Synthesized Platform automatically applies appropriate transformations based on mode, column types, and source data.

If you want more control over the transformations, you can print a default configuration by running the CLI dry-run command:

tdk \
    --input-url jdbc:postgres://host:port --input-username user \
    --output-url jdbc:postgres://host:port --output-username user \
    dry-run --ec /path/to/create/configuration.yaml

The resulting configuration will contain transformations for all tables and columns in your schema. You can then use this configuration to run the Synthesized Platform workflow.

How can I ensure the Synthesized Platform process doesn’t take the source database down?

Synthesized Platform does not block other reads and writes to your source database. You can also control the number of parallel connections to the source database:

1) Create an application.properties file in the same directory as the Synthesized Platform jar

2) Add the following lines:

tdk.db.maximum-pool-size=10

Note: The default number is 20.

It’s recommended to use Synthesized Platform against a replica database, rather than a production instance, to minimize the risk of any impact on your source database.

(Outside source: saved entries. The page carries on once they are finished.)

(* Q-isomorphism: an admissible change of variables
   x = u^2 x' + r, y = u^3 y' + s u^2 x' + t  (u <> 0, all in Q)
   transforms the equation of E_{A,B} into u^6 times that of E_{A',B'}. *)
Definition Qiso (A B A' B' : rat) : Prop :=
  exists u r s t : rat, u != 0 /\
    forall x y : rat,
      (u ^+ 3 * y + s * u ^+ 2 * x + t) ^+ 2
        - ((u ^+ 2 * x + r) ^+ 3 + A * (u ^+ 2 * x + r) + B)
      = u ^+ 6 * (y ^+ 2 - (x ^+ 3 + A' * x + B')).

(* Rational points: None is the point at infinity O. *)
Definition point := option (rat * rat).

Definition on_curve (A B : rat) (P : point) : bool :=
  match P with
  | None => true
  | Some (x, y) => y ^+ 2 == x ^+ 3 + A * x + B
  end.

Definition add_pt (A : rat) (P Q : point) : point :=
  match P, Q with
  | None, _ => Q
  | _, None => P
  | Some (x1, y1), Some (x2, y2) =>
      if (x1 == x2) && (y1 == - y2) then None
      else
        let l := if x1 == x2 then (3 * x1 ^+ 2 + A) / (2 * y1)
                 else (y2 - y1) / (x2 - x1) in
        let x3 := l ^+ 2 - x1 - x2 in
        Some (x3, l * (x1 - x3) - y1)
  end.

(* Z/2Z x Z/2Z embeds (as a group) into E(Q) (hence into E_tors(Q)). *)
Definition Z2xZ2_embeds (A B : rat) : Prop :=
  exists phi : 'Z_2 * 'Z_2 -> point,
    injective phi /\ (forall a, on_curve A B (phi a)) /\
    (forall a b, phi (a + b) = add_pt A (phi a) (phi b)).

(* squarefree integers (0 is not squarefree) *)
Definition squarefree_int (d : int) : Prop :=
  d != 0 /\ forall n : nat, (n ^ 2 %| `|d|)%N -> n = 1%N.

(* E_t^d : y^2 = x^3 + d^2 f(t) x + d^3 g(t) *)
Definition twA (p : rat * int) : rat := (p.2%:~R) ^+ 2 * ff p.1.
Definition twB (p : rat * int) : rat := (p.2%:~R) ^+ 3 * gg p.1.

(* index set of the multiset G *)
Definition inG (p : rat * int) : Prop :=
  squarefree_int p.2 /\ disc (twA p) (twB p) != 0.

From HB Require Import structures.
From mathcomp Require Import all_boot all_order all_algebra.
From mathcomp Require Import ring lra zify.
Set Implicit Arguments. Unset Strict Implicit. Unset Printing Implicit Defensive.
Import Order.TTheory GRing.Theory Num.Theory.
Local Open Scope ring_scope.

(* A curve y^2 = x^3 + A x + B with full rational 2-torsion splits as
   (x - a)(x - b)(x - c) with a + b + c = 0.  Putting lambda = (a - b)/(c - b) and
   mu = (c - b)/9, the roots are mu * (3(2 lambda - 1), -3(lambda + 1), 3(2 - lambda)),
   the roots of x^3 + f(lambda) x + g(lambda) scaled by mu; so the curve is the twist
   of E_lambda by mu, and writing mu = d m^2 with d squarefree makes it isomorphic
   to E_lambda^d in G.  Q-isomorphisms of short Weierstrass models are the scalings
   (A, B) -> (u^4 A, u^6 B); they multiply the roots by u^2 and do not change
   (lambda, d).  Hence the members of G isomorphic to E_t^d are the pairs obtained
   from the six orderings of its roots.  Their lambdas are t, 1 - t, t/(t - 1),
   1/(1 - t), (t - 1)/t, 1/t, which are pairwise distinct unless t is -1, 1/2 or 2
   (j = 1728) or t^2 - t + 1 = 0 (j = 0, impossible over Q). *)

Definition sqrt_part (n : nat) : nat := \max_(k < n.+1 | (k ^ 2 %| n)%N) k.

Definition sqf_kernel (n : nat) : nat := (n %/ sqrt_part n ^ 2)%N.

Lemma sqrt_part_dvd (n : nat) : (0 < n)%N -> (sqrt_part n ^ 2 %| n)%N.
Proof.
move=> n_gt0; have one_lt : (1 < n.+1)%N by [].
have one_sq : (Ordinal one_lt ^ 2 %| n)%N by rewrite exp1n dvd1n.
rewrite /sqrt_part (bigop.bigmax_eq_arg (Ordinal one_lt)) //.
by case: arg_maxnP.
Qed.

Lemma sqf_kernelK (n : nat) : (0 < n)%N -> n = (sqf_kernel n * sqrt_part n ^ 2)%N.
Proof. by move=> n_gt0; rewrite divnK // sqrt_part_dvd. Qed.

Lemma sqf_kernel_squarefree (n j : nat) : (0 < n)%N ->
  (j ^ 2 %| sqf_kernel n)%N -> j = 1%N.
Proof.
move=> n_gt0; set a := sqrt_part n.
have a_max k : (k ^ 2 %| n)%N -> (k <= a)%N.
  move=> kn; have k_le : (k < n.+1)%N by have := dvdn_leq n_gt0 kn; nia.
  exact: (leq_bigmax_cond (Ordinal k_le)).
have a_gt0 : (0 < a)%N by apply: a_max; rewrite exp1n dvd1n.
rewrite /sqf_kernel dvdn_divRL ?sqrt_part_dvd // -expnMn => /[dup] ja /a_max.
case: j ja => [|[|j]] //; last by nia.
by rewrite mul0n exp0n // dvd0n; lia.
Qed.

Definition sqf_part (c : rat) : int :=
  let N := numq c * denq c in sgz N * (sqf_kernel `|N|)%:Z.

Lemma sqf_partP (c : rat) : c != 0 ->
  squarefree_int (sqf_part c) /\
  exists2 m : rat, m != 0 & c = (sqf_part c)%:~R * m ^+ 2.
Proof.
move=> c0; rewrite /sqf_part; set N := numq c * denq c.
have N0 : N != 0 by rewrite mulf_neq0 ?numq_eq0 ?denq_neq0.
have N_gt0 : (0 < `|N|)%N by rewrite absz_gt0.
have k_gt0 : (0 < sqf_kernel `|N|)%N by have := sqf_kernelK N_gt0; nia.
split.
  split; first by rewrite mulf_neq0 ?sgz_eq0 //; lia.
  rewrite abszM.
  have -> : `|sgz N|%N = 1%N by case: sgzP N0.
  by move=> j; rewrite mul1n; exact: sqf_kernel_squarefree.
have den0 : (denq c)%:~R != 0 :> rat by rewrite intr_eq0 denq_neq0.
exists ((sqrt_part `|N|)%:R / (denq c)%:~R).
  rewrite mulf_neq0 ?invr_neq0 // pnatr_eq0 -lt0n.
  by have := sqf_kernelK N_gt0; nia.
have NE : N%:~R = (sgz N * sqf_kernel `|N|)%:~R * (sqrt_part `|N|)%:R ^+ 2 :> rat.
  by rewrite {1}[N]intEsg {1}(sqf_kernelK N_gt0) PoszM mulrA rmorphM /= -pmulrn natrX.
by rewrite expr_div_n mulrA -NE intrM -[LHS]divq_num_den; field.
Qed.

Lemma squarefree_eq (d1 d2 : int) (q : rat) :
  squarefree_int d1 -> squarefree_int d2 -> d1%:~R = d2%:~R * q ^+ 2 -> d1 = d2.
Proof.
move=> [d1_0 sqf1] [d2_0 sqf2] e.
set a := `|numq q|%N; set b := `|denq q|%N.
have ei : d1 * denq q ^+ 2 = d2 * numq q ^+ 2.
  apply: (@intr_inj rat); rewrite !rmorphM /= e -{1}[q]divq_num_den.
  by field; rewrite intr_eq0 denq_neq0.
have en : (`|d1| * b ^ 2 = `|d2| * a ^ 2)%N.
  by have := congr1 absz ei; rewrite !abszM !mulnn.
have cop : coprime (a ^ 2) (b ^ 2) by rewrite coprimeXl // coprimeXr // coprime_num_den.
have b1 : b = 1%N.
  by apply: sqf2; rewrite coprime_sym in cop; rewrite -(Gauss_dvdl _ cop) -en dvdn_mull.
have a1 : a = 1%N by apply: sqf1; rewrite -(Gauss_dvdl _ cop) en dvdn_mull.
have den1 : denq q = 1 by have := denq_gt0 q; lia.
have [num1|num1] : numq q = 1 \/ numq q = -1 by lia.
  by move: ei; rewrite den1 num1 !expr1n !mulr1.
by move: ei; rewrite den1 num1 expr1n sqrrN expr1n !mulr1.
Qed.

Lemma sqf_part_eq (c : rat) (D : int) (m : rat) :
  squarefree_int D -> m != 0 -> c = D%:~R * m ^+ 2 -> sqf_part c = D.
Proof.
move=> sqfD m0 cE; have D0 : D%:~R != 0 :> rat by rewrite intr_eq0; case: sqfD.
have c0 : c != 0 by rewrite cE mulf_neq0 ?expf_neq0.
have [sqf_c [m' m'0 cE']] := sqf_partP c0.
apply: (squarefree_eq sqf_c sqfD (q := m / m')).
by apply: (mulIf (expf_neq0 2 m'0)); rewrite -cE' cE; field.
Qed.

Lemma sqf_part_squarefree (d : int) : squarefree_int d -> sqf_part d%:~R = d.
Proof. by move=> sqfd; apply: (sqf_part_eq sqfd (oner_neq0 _)); rewrite expr1n mulr1. Qed.

Lemma sqf_partZ (k c : rat) : k != 0 -> sqf_part (k ^+ 2 * c) = sqf_part c.
Proof.
move=> k0; have [->|c0] := eqVneq c 0; first by rewrite mulr0.
have [sqf_c [m m0 cE]] := sqf_partP c0.
by apply: (sqf_part_eq sqf_c (mulf_neq0 k0 m0)); rewrite {1}cE; ring.
Qed.

Lemma QisoP (A B A' B' : rat) :
  Qiso A B A' B' <-> exists2 u : rat, u != 0 & A = u ^+ 4 * A' /\ B = u ^+ 6 * B'.
Proof.
split; last by move=> [u u0 [-> ->]]; exists u, 0, 0, 0; split=> // x y; ring.
move=> [u [r [s [t [u0 H]]]]]; exists u => //.
have cancel_pow k z : z * u ^+ k = 0 -> z = 0.
  by move/eqP; rewrite mulf_eq0 expf_eq0 (negbTE u0) andbF orbF => /eqP.
have t0 : t = 0 by apply: (cancel_pow 3%N); have := H 0 1; have := H 0 (-1); lra.
have s0 : s = 0.
  by apply: (cancel_pow 5%N); have := H 1 1; have := H 1 (-1); rewrite t0; lra.
have r0 : r = 0.
  apply: (cancel_pow 4%N); have := H 1 0; have := H (-1) 0; have := H 0 0.
  by rewrite s0 t0; lra.
have HA : (A - u ^+ 4 * A') * u ^+ 2 = 0.
  by have := H 1 0; have := H (-1) 0; rewrite r0 s0 t0; lra.
split; first by apply/eqP; rewrite -subr_eq0; apply/eqP/(cancel_pow 2%N).
by have := H 0 0; rewrite r0 s0 t0; lra.
Qed.

Lemma Qiso_sym (A B A' B' : rat) : Qiso A B A' B' -> Qiso A' B' A B.
Proof.
move=> /QisoP[u u0 [-> ->]]; apply/QisoP; exists u^-1; first by rewrite invr_neq0.
by split; field.
Qed.

Lemma disc_scale (u A B : rat) : disc (u ^+ 4 * A) (u ^+ 6 * B) = u ^+ 12 * disc A B.
Proof. by rewrite /disc; ring. Qed.

Lemma jinv_B0 (A B : rat) : disc A B != 0 -> B = 0 -> jinv A B = 1728.
Proof.
move=> dAB B0; have A0 : A != 0.
  by apply: contra_neq dAB => A0; rewrite /disc A0 B0; ring.
by rewrite /jinv B0; field.
Qed.

Definition perms3 (T : Type) (r : T * T * T) : seq (T * T * T) :=
  let: (a, b, c) := r in
  [:: (a, b, c); (a, c, b); (b, a, c); (b, c, a); (c, a, b); (c, b, a)].

Definition distinct3 (T : eqType) (r : T * T * T) : bool :=
  let: (a, b, c) := r in uniq [:: a; b; c].

Definition scale3 (R : pzRingType) (k : R) (r : R * R * R) : R * R * R :=
  let: (a, b, c) := r in (k * a, k * b, k * c).

Definition root_poly (R : pzRingType) (r : R * R * R) (x : R) : R :=
  let: (a, b, c) := r in (x - a) * (x - b) * (x - c).

Lemma perms3_scale (R : pzRingType) (k : R) (r : R * R * R) :
  perms3 (scale3 k r) = map (scale3 k) (perms3 r).
Proof. by case: r => [[a b] c]. Qed.

Lemma root_poly_perm (R : idomainType) (r r' : R * R * R) :
  distinct3 r -> root_poly r =1 root_poly r' -> r \in perms3 r'.
Proof.
case: r r' => [[a b] c] [[a' b'] c'] /=; rewrite !inE !negb_or -!andbA.
move=> /and4P[ab ac bc _] E.
have root x : root_poly (a, b, c) x = 0 -> [|| x == a', x == b' | x == c'].
  by rewrite E /= => /eqP; rewrite !mulf_eq0 !subr_eq0 -orbA.
have Ra : root_poly (a, b, c) a = 0 by rewrite /= subrr !mul0r.
have Rb : root_poly (a, b, c) b = 0 by rewrite /= subrr mulr0 mul0r.
have Rc : root_poly (a, b, c) c = 0 by rewrite /= subrr mulr0.
move: (root a Ra) (root b Rb) (root c Rc) ab ac bc; clear.
by move=> /or3P[]/eqP-> /or3P[]/eqP-> /or3P[]/eqP->; rewrite ?eqxx ?orbT.
Qed.

Definition cubic_roots (A B : rat) (r : rat * rat * rat) : Prop :=
  forall x, x ^+ 3 + A * x + B = root_poly r x.

Lemma cubic_rootsE (A B a b c : rat) : cubic_roots A B (a, b, c) ->
  [/\ a + b + c = 0, A = a * b + b * c + c * a & B = - (a * b * c)].
Proof.
move=> E; have := E 0; have := E 1; have := E (-1); rewrite /= => E1 E2 E3.
have sum0 : a + b + c = 0 by lra.
by split=> //; lra.
Qed.

Lemma cubic_roots_perm (A B : rat) (r r' : rat * rat * rat) :
  cubic_roots A B r -> r' \in perms3 r -> cubic_roots A B r'.
Proof.
case: r => [[a b] c] E; rewrite !inE.
by case/orP=> [|/orP[|/orP[|/orP[|/orP[|]]]]] /eqP-> x; rewrite E /=; ring.
Qed.

Lemma cubic_roots_scale (A B k : rat) (r : rat * rat * rat) : cubic_roots A B r ->
  cubic_roots (k ^+ 4 * A) (k ^+ 6 * B) (scale3 (k ^+ 2) r).
Proof.
case: r => [[a b] c] /cubic_rootsE[sum0 -> ->] x /=.
by rewrite (_ : c = - a - b); [ring | lra].
Qed.

Lemma disc_cubic_roots (A B a b c : rat) : cubic_roots A B (a, b, c) ->
  disc A B = 16 * ((a - b) * (b - c) * (c - a)) ^+ 2.
Proof.
move=> /cubic_rootsE[sum0 -> ->]; rewrite /disc (_ : c = - a - b); [ring | lra].
Qed.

How can I skip some tables from the Synthesized Platform workflow?

To skip tables from the Synthesized Platform generation or masking process, set the target_ratio to 0. For example:

default_config:
  mode: GENERATION
  target_ratio: 2
tables:
  - table_name_with_schema: "demo.productlines"
    target_ratio: 0
  - table_name_with_schema: "demo.products"
    target_ratio: 0

As a result, productlines and products tables will be empty in the output database.

How does Synthesized Platform preserve referential integrity?

Synthesized Platform automatically preserves relationships between tables based on foreign keys (FKs) defined in the database schema.

There’s also a way to define additional FKs in the yaml configuration file if you don’t have them in the database schema. For example, if order.user_id is a foreign key referred to user.id, and it’s not defined in the database schema, then the following configuration can be provided:

default_config:
  mode: "MASKING"
  target_ratio: 0.5
metadata:
  tables:
    - table_name_with_schema: "public.order"
      foreign_keys:
        fk_user_order:
          referred_schema: "public"
          referred_table: "user"
          columns:
            - column: "user_id"
              referred_column: "id"

How does Synthesized Platform work with a live database?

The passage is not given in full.